Подробно об авторе - здесь

Напомним нашим читателям и о самом произведении, которому посвящена статья, - "Из тихого света. Попытка исповеди". Вот его текст

***

В переполненной значительными событиями литературной биографии В. П. Астафьева есть события особые. К их числу безусловно относят «Последний поклон», из света которого был рожден новый мастер, признаваемые большинством кульминацией творческой эволюции художника повесть «Пастух и пастушка», «Ода русскому огороду», «повествование в рассказах» «Царь-рыба». На сегодняшний день самым противоречивым этапом литературно-биографического сюжета является завершающий. Кто-то склонен думать, что так и выдохлась неопредмеченной интрига, завязанная на напряженном ожидании последней правды о войне, потому что заключающий собрание сочинений эпический текст не оправдал читательских ожиданий. Кто-то под напором критики в качестве финального события творческой биографии Астафьева с горечью и недоумением принимает широко растиражированные горькие строчки «Эпитафии». И не замечается ни теми, ни другими, что на самом деле, словно в преднамеренное усложнение ситуации, писатель завершил свой путь по-астафьевски же мощно и своевольно «попыткой исповеди» «Из тихого света», заключающей блок художественных текстов в последнем прижизненном собрании сочинений, произведением, к которому, судя по истории и отведенному ему месту, сам прозаик относился особенно трепетно.

Подготовивший пятнадцатитомник Астафьев во многом облегчил труд текстологов, восстановив основные этапы творческих историй наиболее значительных работ. Но творческую историю «Исповеди» в комментариях к тринадцатому тому, в который она была включена, сократил до одной фразы: «Подбор отрывков из разных в прошлые годы писанных повестей и рассказов мне показался любопытным, и давно в столе лежавшая рукопись «Попытка исповеди» тоже». При этом писатель оставил знак долгой и трудной судьбы своей литературной исповеди — четыре даты создания: 1961, 1975, 1992 гг. и 1997 (год первой и единственной публикации). Эти два факта из истории текста, предъявленные автором, позволяют утверждать, что с 1961 г. было подготовлено не менее четырех вариантов «исповеди», но текст ее до 1997 г. никогда ранее не публиковался. В архиве писателя сохранился только один автограф этого произведения, на котором обозначена дата, напрямую не соотносимая ни с одной из указанных в собрании сочинений — «Академгородок, 23–24 ноября 84 г.». Дата эта имеет отношение только к машинописному тексту, который хранит еще и следы двухэтапной рукописной правки, фактически представляющей еще два варианта, наложенные на машинописный автограф. Можно предположить, что машинопись — это вариант, завершенный к 1984 г., <...> Два следующих — подходы к редакции 1992 г. Судя по содержанию канонической редакции 1997 г., создавалась она после ухода дочери, потому что только в ней представлены внутренние монологи повествователя у могилы «родного дитя». Следовательно, исправления, внесенные в период с 1975 по 1992 гг., Астафьев либо не воспринимал как определяющие, принципиально важные для текста, либо не учитывал их, т. к. не считал ни один из этих вариантов завершенным.

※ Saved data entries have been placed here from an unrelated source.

Lemma horner_uPhi n x : (0 < n)%N -> (uPhi n).[x] = uphi n (zeta n) x.
Proof.
move=> n0; rewrite /uPhi /uphi horner_prod (eq_bigr _ (fun j _ => hornerXsubC _ _)).
rewrite big_mkcond [RHS]big_mkcond big_nat_recr //= (big_ltn n0) mulrC ugcd0n expr0.
by rewrite (prim_expr_order (prim_root_zeta n0)).
Qed.

Theorem lemma4p3 (n : nat) (hn : (0 < n)%N) :
  [/\ (n = 1%N -> (uPhi n).[-1] = -2),
      (forall a : nat, (1 <= a)%N -> n = (2 ^ a)%N -> (uPhi n).[-1] = 0),
      (forall a p b : nat, prime p -> odd p -> (1 <= a)%N -> (1 <= b)%N ->
          n = (2 ^ a * p ^ b)%N -> (uPhi n).[-1] = (p ^ b)%:R)
    & (n <> 1%N ->
       (forall a : nat, (1 <= a)%N -> n <> (2 ^ a)%N) ->
       (forall a p b : nat, prime p -> odd p -> (1 <= a)%N -> (1 <= b)%N ->
          n <> (2 ^ a * p ^ b)%N) ->
       (uPhi n).[-1] = 1)].
Proof.
have pz := prim_root_zeta hn; rewrite horner_uPhi //; move: (zeta n) pz => z pz.
have two_neq0 : 2%:R != 0 :> algC by rewrite pnatr_eq0.
split.
- by move=> ->; rewrite uphi1 -opprD.
- move=> a a0 nE; rewrite nE -[(2 ^ a)%N]muln1 in pz *.
  have := uphi_2exp_mul_N1 a0 (isT : odd 1) pz; rewrite !uphi1 subrr -opprD.
  by move/eqP; rewrite mulf_eq0 oppr_eq0 (negPf two_neq0) orbF => /eqP.
- move=> a p b p_pr p_odd a0 b0 nE; rewrite nE in pz *.
  have pb_odd : odd (p ^ b) by rewrite oddX p_odd orbT.
  have pw := prim_root_exp_mull pz; have := uphi_2exp_mul_N1 a0 pb_odd pz.
  by rewrite uphi_pexp_at1 // (uphi_odd_N1 two_neq0 pb_odd pw) gtn_eqF ?prime_pexp_gt1 // mulr1.
move=> n_neq1 not_2exp not_2pexp.
have [n_odd | n_even] := boolP (odd n).
  by rewrite uphi_odd_N1 // (negPf (introN eqP n_neq1)).
have two_dvd : (2 %| n)%N by rewrite dvdn2.
have [a [m [a0 cop nE]]] := pexp_coprime_decomp (isT : prime 2) hn two_dvd.
have m_odd : odd m by rewrite -coprime2n -(coprime_pexpl _ _ a0).
have m_neq1 : m != 1%N by apply/eqP => m1; apply: (not_2exp a a0); rewrite nE m1 muln1.
have m_gt1 : (1 < m)%N by move: hn m_neq1; rewrite nE muln_gt0 => /andP[_]; lia.
have not_pexp p b : prime p -> m <> (p ^ b)%N.
  move=> p_pr mE; have b0 : (0 < b)%N by move: m_neq1; rewrite mE lt0n; apply: contraNneq => ->.
  have p_odd : odd p by move: m_odd; rewrite mE oddX eqn0Ngt b0.
  by apply: (not_2pexp a p b p_pr p_odd a0 b0); rewrite nE mE.
rewrite nE in pz *; have pw := prim_root_exp_mull pz; have := uphi_2exp_mul_N1 a0 m_odd pz.
by rewrite (uphi_at1_eq1 m_gt1 not_pexp pw) (uphi_odd_N1 two_neq0 m_odd pw) gtn_eqF // mulr1.
Qed.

Что было сделано к 1984 г.? Во-первых, текст во всех трех вариантах представлял собой воспоминание-размышление о мистическом, не однажды повторившемся видении — встрече с неизвестной, так и не узнанной девочкой-ангелом, ответственной отнюдь не за физическое существование героя, но за сохранение его духовного начала — света, оберегающего человека от соблазна животного существования. Имел этот текст иное, чем сейчас, заглавие и другое жанровое определение. В машинописном варианте, завершенном в начале 80-х, это была «затесь» под названием «Загадка памяти». Жанровые особенности «Загадки» вполне соответствовали уже сложившемуся к тому времени представлению о «коротком лирическом рассказе». Повествование открывалось ностальгическим пейзажем-воспоминанием о детстве. Завершалось взволнованным исповедальным монологом повествователя, посвященным бесконечной в своем разнообразии жизни, животворящей силе и значительности памяти человека и человечества.

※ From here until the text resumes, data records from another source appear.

(* The cycle runs from the last common vertex [P s = Q s] out along [P] to [P e1],
   across the edge to [Q e2], and back along [Q]. *)
Lemma geodesics_meeting_cycle v P Q e1 e2 :
  geodesic_from v P e1 -> geodesic_from v Q e2 -> e1 = e2 \/ e1 = S e2 ->
  adj (P e1) (Q e2) -> P e2 <> Q e2 -> has_cycle adj.
Proof.
  intros (HP0 & HPs & HPd) (HQ0 & HQs & HQd) He Hadj Hne.
  destruct (@last_index_below (fun s => P s = Q s) e2) as (s & Hs & Hmeet & Hmax); [congruence|].
  assert (Hs2 : s < e2) by (destruct (Nat.eq_dec s e2); [subst; contradiction|lia]).
  assert (Pinj : forall a a', a <= e1 -> a' <= e1 -> P a = P a' -> a = a').
  { intros a a' Ha Ha' E. rewrite <- (HPd a Ha), <- (HPd a' Ha'), E. reflexivity. }
  assert (Qinj : forall a a', a <= e2 -> a' <= e2 -> Q a = Q a' -> a = a').
  { intros a a' Ha Ha' E. rewrite <- (HQd a Ha), <- (HQd a' Ha'), E. reflexivity. }
  assert (PQ : forall a a', s <= a <= e1 -> s < a' <= e2 -> P a <> Q a').
  { intros a a' Ha Ha' E.
    assert (a = a') as <- by (rewrite <- (HPd a), <- (HQd a') by lia; rewrite E; reflexivity).
    exact (Hmax a ltac:(lia) E). }
  apply (@has_cycle_of_fun
           (fun i => if i <=? e1 - s then P (s + i) else Q (e2 + e1 - s + 1 - i))
           (e1 + e2 - 2 * s + 1)); [lia| | |].
  - intros i j Hi Hj. destruct (Nat.leb_spec i (e1 - s)), (Nat.leb_spec j (e1 - s)); intros E.
    + apply Pinj in E; lia.
    + exfalso. exact (PQ (s + i) (e2 + e1 - s + 1 - j) ltac:(lia) ltac:(lia) E).
    + exfalso. exact (PQ (s + j) (e2 + e1 - s + 1 - i) ltac:(lia) ltac:(lia) (eq_sym E)).
    + apply Qinj in E; lia.
  - intros i Hi. destruct (Nat.leb_spec (S i) (e1 - s)), (Nat.leb_spec i (e1 - s)); try lia.
    + replace (s + S i) with (S (s + i)) by lia. apply HPs; lia.
    + replace (s + i) with e1 by lia. replace (e2 + e1 - s + 1 - S i) with e2 by lia.
      exact Hadj.
    + replace (e2 + e1 - s + 1 - i) with (S (e2 + e1 - s + 1 - S i)) by lia.
      apply adj_sym, HQs. lia.
  - destruct (Nat.leb_spec (pred (e1 + e2 - 2 * s + 1)) (e1 - s)); [lia|].
    replace (e2 + e1 - s + 1 - pred (e1 + e2 - 2 * s + 1)) with (S s) by lia.
    simpl. rewrite Nat.add_0_r, Hmeet. apply adj_sym, HQs. lia.
Qed.

Section Tree.
Hypothesis adj_irrefl : forall u, ~ adj u u.
Hypothesis acyclic : ~ has_cycle adj.

Lemma gdist_adj_neq v u w : adj u w -> D v u <> D v w.
Proof.
  intros Huw E. destruct (geodesic_from_to v u) as (P & HP & Pu).
  destruct (geodesic_from_to v w) as (Q & HQ & Qw). rewrite E in HP, Pu.
  apply acyclic, (geodesics_meeting_cycle HP HQ (or_introl eq_refl)); rewrite Pu, Qw.
  - exact Huw.
  - intros ->. exact (adj_irrefl Huw).
Qed.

Целостность обеспечивалась символическим образом девочки-судьбы, впервые мелькнувшей в третьей книге «Затесей» — «Вздох», где есть даже не рассказ, а крохотная миниатюра «Из далекого сна», почти весь сюжет которой — риторический вопрос, обращенный к будущей героине «Исповеди»: «Что же ты, девочка, из далекого детского сна более не приходишь ко мне и не зовешь меня? Ты была в синеньком ситцевом платье» . Видимо, именно с этой крохотной миниатюрой и связано возникновение замысла заветной «затеси» — завершения «беседы с самим собой в поисках глубин бытия, смысла жизни» .

Если вдуматься в многочисленные признания писателя о том, что значила для него уникальная модификация изобретенного им самим жанра, то наверное можно догадаться, почему он не спешил с публикацией именно этого текста и почему он бесконечно к нему возвращался. Примерно так он работал только над уже упоминавшимися «Последним поклоном» и повестью «Пастух и пастушка», с той лишь разницей, что все промежуточные варианты этих вещей обязательно предъявлял читателю, а тут упорно и упрямо скрывал. Значит, знал, помнил, предощущал, что «Исповедь» как высшая литературная форма самопознания, должна была стать текстом ключевым <...> А возможности «короткого рассказа» столь значительной литературной задаче не соответствовали. Потому в конце концов Астафьев и вывел главную «затесь» за пределы уже сложившегося цикла сначала новым жанровым определением — «попытка исповеди», а в 1997 г., при подготовке канонического текста — новым названием «Из тихого света».

Каноническая редакция, получившая этот заголовок, впитала и аккумулировала энергию всего семичастного цикла, объединившего в конце концов более двухсот текстов, и стала последним словом писателя, процесс вызревания которого был настолько интимным, сокровенным, что Астафьев, вопреки своему же уже сложившемуся опыту, не опубликовал преждевременно ни одной редакции, ни одного варианта.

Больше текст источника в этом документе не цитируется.